Thork nodded, slipping the glamoured hammer, the Kammerling, into the warhammer loop at his belt. Shouldering his pack, shield attached, he took up his axe and then faced southerly. “Then let us be gone, for the day is growing, and I would be away from here.”

They found Elyn’s blade some four hundred paces back the way they had come, alongside the steep bluff, the sword piercing a foul grey shirt amid a pile of filthy clothing; of the Guul, there remained only ashes scattering in the wind. Elyn took up the saber-My sire’s eyes gleamed and he smiled so, and could barely wait for me to unwrap it from the soft cloth. It was my eighteenth summer-and washed the blade clean with snow, then dried it on her own cloak and sheathed it. “Now, we can leave the road if that be the best strategy, though I think that will put us in the open valley, whereas this route conceals us along the slopes of these cold grey mountains.”

“Aye, that it does,” agreed Thork, “but the road is more likely to be ridden by any who escaped the fall.”

“If we cut cross-country, where are we bound? What line do we take?” To Elyn, all the mountains, though different in detail, were much the same in aggregate. Only Black Mountain to the south did she definitely recognize, and that was only because it was a great ebon beacon among the grey.

Thork turned, sighting through the peaks and crags. “Yon be the four fingers and the thumb that guided us into this range”-Thork pointed out the five crests-“and there lies the pass between. And there”-his hand and arm traced a route for Elyn’s eyes to follow-“save this road, be the easiest route past where Andrak’s holt once stood, though to cross the vale I deem that the most concealed way”-again his free hand traced a route-“lies yon.” And all the while, Elyn’s gaze followed where his hand pointed, agreeing with his assessment, and she marvelled at his quick eye for the lay of the land, his sense of slopes and flats and routes across them, and she was yet amazed by his uncanny Dwarven sense of direction, of location.

“Then let us be gone,” she said when he fell quiet. “You choose, for you are the one to guide-” Suddenly Elyn held up a hand for silence. “Hist! Riders come.” And the sound of hooves knelled, but whether far or near, they could not say, for the road curved out of sight, following the base of the bluff, the stone blocking sight and baffling sound.

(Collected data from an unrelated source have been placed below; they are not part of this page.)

Lemma W1_ge_potential (f g : T -> R) :
    (forall a b, a \in s -> b \in t -> ((f a - g b)%:E <= c a b)%E) ->
  ((\sum_(a <- s) f a * mu a - \sum_(b <- t) g b * nu b)%:E <= W1 c s t mu nu)%E.
Proof.
move=> fg_le_c; apply: le_ereal_inf_tmp => _ [pi [pi_ge0 _ pi_row pi_col] <-].
have -> : \sum_(a <- s) f a * mu a - \sum_(b <- t) g b * nu b
    = \sum_(a <- s) \sum_(b <- t) pi a b * (f a - g b).
  under [RHS]eq_bigr => a _ do under eq_bigr => b _ do rewrite mulrBr.
  under [RHS]eq_bigr => a _ do rewrite sumrB.
  rewrite sumrB; congr (_ - _).
    rewrite !big_seq; apply: eq_bigr => a a_s.
    by rewrite -pi_row // mulr_sumr; apply: eq_bigr => b _; rewrite mulrC.
  rewrite exchange_big /= !big_seq; apply: eq_bigr => b b_t.
  by rewrite -pi_col // mulr_sumr; apply: eq_bigr => a _; rewrite mulrC.
rewrite -sumEFin !big_seq; apply: lee_sum => a a_s.
rewrite -sumEFin !big_seq; apply: lee_sum => b b_t.
by rewrite EFinM lee_wpmul2l ?lee_fin ?fg_le_c.
Qed.

Lemma W1_le_bijection (tau : T -> T) (w : R) :
    0 <= w -> uniq s -> uniq t ->
    {in s &, injective tau} -> {in s, forall a, tau a \in t} ->
    {in t, forall b, exists2 a, a \in s & tau a = b} ->
    {in s, forall a, mu a = w} -> {in t, forall b, nu b = w} ->
  (W1 c s t mu nu <= \sum_(a <- s) w%:E * c a (tau a))%E.
Proof.
move=> w_ge0 us ut tau_inj tau_st tau_onto mu_w nu_w.
pose pi a b := if (a \in s) && (tau a == b) then w else 0.
have pi_off a b : a \in s -> b != tau a -> pi a b = 0.
  by move=> a_s nb; rewrite /pi a_s eq_sym (negbTE nb).
have pi_coupling : coupling s t mu nu pi.
  split=> [a b | a b | a a_s | b b_t].
  - by rewrite /pi; case: ifP.
  - rewrite /pi; case: (boolP (a \in s)) => //= a_s b_t.
    by case: eqP b_t => // <-; rewrite tau_st.
  - rewrite (bigD1_seq (tau a)) ?tau_st //= big1 ?addr0 => [|b]; last exact: pi_off.
    by rewrite /pi a_s eqxx mu_w.
  - have [a a_s <-] := tau_onto b b_t.
    rewrite (bigD1_seq a) //= big1 ?addr0 => [|a' na']; first by rewrite /pi a_s eqxx nu_w ?tau_st.
    case: (boolP (a' \in s)) => [a'_s | a'_s]; last by rewrite /pi (negbTE a'_s).
    by apply: pi_off => //; apply: contra na' => /eqP /tau_inj -> //.
apply: ge_ereal_inf; exists (\sum_(a <- s) w%:E * c a (tau a))%E => //; exists pi => //.
rewrite !big_seq; apply: eq_bigr => a a_s.
rewrite (bigD1_seq (tau a)) ?tau_st //= big1 ?adde0 => [|b nb]; last by rewrite pi_off // mul0e.
by rewrite /pi a_s eqxx.
Qed.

Quickly shedding her pack, Elyn dropped to the ground, placing her ear to the earth. “Five or six,” she said after a moment, “at a middling gait. A trot. Near. And something else do I hear: a tapping, as of signals.”

While Elyn listened to the vibrations within the ground, Thork looked about, searching for a place of concealment, and barring that, a narrow lieu that they could defend: nothing.

Even as she stood, rounding the bend some fifty yards hence came five riders-Men-and Elyn set arrow to string as Thork slipped from his backpack and hefted his axe.

The swart Men slowed their mounts to a walk, yet steadily came onward, all drawing tulwars but holding them horizontal across their saddles.

“Dök!” cried Thork, falling into his native tongue. “Halt!” he repeated, this time in Common.

The leader of the Men threw up his hand and called out-“Ghoda rhokho!”-in a language that neither Elyn nor Thork understood; it did not sound like the Slûk tongue, but instead something else. And the five reined to a halt. The leader said something low to his Men, then slowly stepped his horse forward while the others waited. Closer he came, until he was but paces away, his sword still gripped athwart withers. Thork raised his hand and again called “Halt!”-the rider stopping. The Man’s skin was brown with a yellowish cast, and his eyes had a cant to them. He wore a black moustache, long and lank, and a thin goatee hung down. His helm was steel, with fur trim and a point jutting upward. His armor was iron rings sewn on leather. And the Man’s tilted eyes looked first at Elyn’s red hair and her white features, then shifted to Thork, taking in his stature and forked beard.

“Kaija, Wolc,” said the rider in some form of greeting, his voice gutteral.

“Speak Common, Man,” growled Thork. “Else begone.”

The rider shook his head and pointed to his ear and mouth, displaying his tongue, then turned and called to one of his Men, motioning him forward.